(* Let $k\ge 3$ be an integer and $n=2k-1$. For every positive integer $s$, $$\alpha\big(I_{B_{2k-1}}^{(s(2k-3))}\big)=s(2k-1).$$
   Context: Let $\mathbb{K}$ be a field (the paper also calls it $k$). $Q_n$ is the cycle graph on vertices $1,\dots,n$ (edges $\{i,i+1\}$ for $1\le i\le n-1$ and $\{n,1\}$). $B_n$ is the simplicial complex on $\{0,\dots,n+1\}$ whose facets are $\{0,i,j\}$ and $\{n+1,i,j\}$ for each edge $\{i,j\}$ of $Q_n$ (boundary of the bipyramid over the $n$-gon), and $I_{B_n}\subset R=\mathbb{K}[x_0,\dots,x_{n+1}]$ is its Stanley-Reisner ideal, generated by $\prod_{i\in\tau}x_i$ over non-faces $\tau$. For a homogeneous ideal $I$, $I^{(m)}=R\cap\bigcap_{P\in\mathrm{Ass}(I)}I^mR_P$ and $\alpha(I)=\min\{t: I_t\ne 0\}$. *)

From HB Require Import structures.
From mathcomp Require Import all_boot all_algebra.
From mathcomp Require Import mpoly.

Set Implicit Arguments.
Unset Strict Implicit.
Unset Printing Implicit Defensive.
Import GRing.Theory.
Local Open Scope ring_scope.

Definition ideal_gen (R : comNzRingType) (S : R -> Prop) : R -> Prop :=
  fun f => exists l : seq (R * R),
    (forall p, p \in l -> S p.2) /\ f = \sum_(p <- l) p.1 * p.2.

Definition ideal_pow (R : comNzRingType) (I : R -> Prop) (m : nat) : R -> Prop :=
  ideal_gen (fun f => exists s : seq R,
    size s = m /\ (forall x, x \in s -> I x) /\ f = \prod_(x <- s) x).

Definition is_ideal (R : comNzRingType) (P : R -> Prop) : Prop :=
  [/\ P 0, (forall a b, P a -> P b -> P (a + b)) & (forall r a, P a -> P (r * a))].

Definition is_prime_ideal (R : comNzRingType) (P : R -> Prop) : Prop :=
  [/\ is_ideal P, ~ P 1 & (forall a b, P (a * b) -> P a \/ P b)].

Definition Ass (R : comNzRingType) (I : R -> Prop) (P : R -> Prop) : Prop :=
  is_prime_ideal P /\ exists f : R, forall g, P g <-> I (g * f).

(* Symbolic power I^(m) = R ∩ ⋂_{P ∈ Ass(I)} I^m R_P ;
   f ∈ I^m R_P ∩ R  iff  g f ∈ I^m for some g ∉ P. *)
Definition symbolic_power (R : comNzRingType) (I : R -> Prop) (m : nat) : R -> Prop :=
  fun f => forall P, Ass I P -> exists g, ~ P g /\ ideal_pow I m (g * f).

Definition is_homog (N : nat) (K : comNzRingType) (d : nat) (p : {mpoly K[N]}) : bool :=
  all (fun m => mdeg m == d) (msupp p).

Definition alpha_eq (N : nat) (K : comNzRingType) (J : {mpoly K[N]} -> Prop) (a : nat) : Prop :=
  (exists f, [/\ J f, f != 0 & is_homog a f]) /\
  (forall t f, J f -> f != 0 -> is_homog t f -> (a <= t)%N).

Definition cyc_adj (n i j : nat) : bool :=
  [&& (1 <= i <= n)%N, (1 <= j <= n)%N &
      [|| j == i.+1, i == j.+1, (i == 1%N) && (j == n) | (i == n) && (j == 1%N)]].

(* Faces of B_n on vertex set {0,...,n+1} = 'I_(n.+2): subsets of some facet
   {0,i,j} or {n+1,i,j} with {i,j} an edge of Q_n. *)
Definition B_face (n : nat) (tau : {set 'I_(n.+2)}) : bool :=
  [exists i : 'I_(n.+2), exists j : 'I_(n.+2),
     cyc_adj n i j &&
     ((tau \subset [set ord0; i; j]) || (tau \subset [set ord_max; i; j]))].

Definition SR_ideal_B (K : fieldType) (n : nat) : {mpoly K[n.+2]} -> Prop :=
  ideal_gen (fun f => exists tau : {set 'I_(n.+2)},
    ~~ B_face tau /\ f = \prod_(i in tau) 'X_i).
Arguments SR_ideal_B K n : clear implicits.

From mathcomp Require Import all_boot all_algebra mpoly zify ring.

Set Implicit Arguments.
Unset Strict Implicit.
Unset Printing Implicit Defensive.
Import GRing.Theory.
Local Open Scope ring_scope.

(* Let I be the Stanley-Reisner ideal of B_n, n >= 4, and m = s(n-2).  For a
   facet F = {c, a, b} the colon ideal P_F = (I : x_F) is an associated prime:
   it consists of the polynomials all of whose monomials involve a variable
   outside F.  Each generator of I has a variable outside F, so every element of
   I^m R_{P_F} \cap R has all its monomials of degree >= m in the variables
   outside F.  Adding these bounds over the 2n facets {c, i, i+1} shows that
   every monomial of an element of I^(m) has degree >= mn/(n-2) = sn.
   Conversely, every associated prime misses the variables of some facet
   {c, a, b}; pairing each other cycle vertex v with a non-neighbour p(v) in
   {a, b} gives
     prod_v x_(p v)^s * (x_1 ... x_n)^s = (x_a x_b)^s prod_v (x_v x_(p v))^s in I^m,
   so the degree-sn monomial (x_1 ... x_n)^s lies in I^(m). *)

Section IdealGen.
Variables (R : comNzRingType) (S : R -> Prop).

Lemma ideal_gen0 : ideal_gen S 0.
Proof. by exists [::]; rewrite big_nil. Qed.

Lemma ideal_genD a b : ideal_gen S a -> ideal_gen S b -> ideal_gen S (a + b).
Proof.
move=> [l1 [H1 ->]] [l2 [H2 ->]]; exists (l1 ++ l2); split; last by rewrite big_cat.
by move=> p; rewrite mem_cat => /orP [] ?; [apply: H1 | apply: H2].
Qed.

Lemma ideal_genMl r a : ideal_gen S a -> ideal_gen S (r * a).
Proof.
move=> [l [H ->]]; exists [seq (r * p.1, p.2) | p <- l]; split.
  by move=> p /mapP [q Hq ->] /=; apply: H.
by rewrite big_map mulr_sumr; apply: eq_bigr => p _; rewrite mulrA.
Qed.

Lemma mem_ideal_gen a : S a -> ideal_gen S a.
Proof.
move=> Ha; exists [:: (1, a)]; rewrite big_seq1 mul1r; split=> // p.
by rewrite inE => /eqP ->.
Qed.

Lemma ideal_gen_ind (P : R -> Prop) :
  P 0 -> (forall a b, P a -> P b -> P (a + b)) -> (forall r a, S a -> P (r * a)) ->
  forall a, ideal_gen S a -> P a.
Proof.
move=> P0 PD PM a [l [H ->]]; elim: l H => [|p l IH] H; first by rewrite big_nil.
rewrite big_cons; apply: PD; first by apply/PM/H; rewrite inE eqxx.
by apply: IH => q Hq; apply: H; rewrite inE Hq orbT.
Qed.

End IdealGen.

Section IdealProd.
Variables (R : comNzRingType) (J : R -> Prop).

Definition ideal_prod (m : nat) (f : R) : Prop :=
  exists s : seq R, size s = m /\ (forall x, x \in s -> J x) /\ f = \prod_(x <- s) x.

Lemma ideal_prod_pow m f : ideal_prod m f -> ideal_pow J m f.
Proof. by move=> Hf; rewrite -[f]mul1r; apply/ideal_genMl/mem_ideal_gen. Qed.

Lemma ideal_prod0 : ideal_prod 0 1.
Proof. by exists [::]; rewrite big_nil. Qed.

Lemma ideal_prodM a b x y : ideal_prod a x -> ideal_prod b y -> ideal_prod (a + b) (x * y).
Proof.
move=> [l1 [<- [H1 ->]]] [l2 [<- [H2 ->]]]; exists (l1 ++ l2).
split; first by rewrite size_cat.
split; last by rewrite big_cat.
by move=> z; rewrite mem_cat => /orP [] ?; [apply: H1 | apply: H2].
Qed.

- - - -

§ EXERCISE INSTRUCTIONS
Will you return exactly the lines above from the one with "in the variables" down to the one with "non-neighbour p(v) in", counting both as part of the range?

§ RESPONSE BELOW
   I^m R_{P_F} \cap R has all its monomials of degree >= m in the variables
   outside F.  Adding these bounds over the 2n facets {c, i, i+1} shows that
   every monomial of an element of I^(m) has degree >= mn/(n-2) = sn.
   Conversely, every associated prime misses the variables of some facet
   {c, a, b}; pairing each other cycle vertex v with a non-neighbour p(v) in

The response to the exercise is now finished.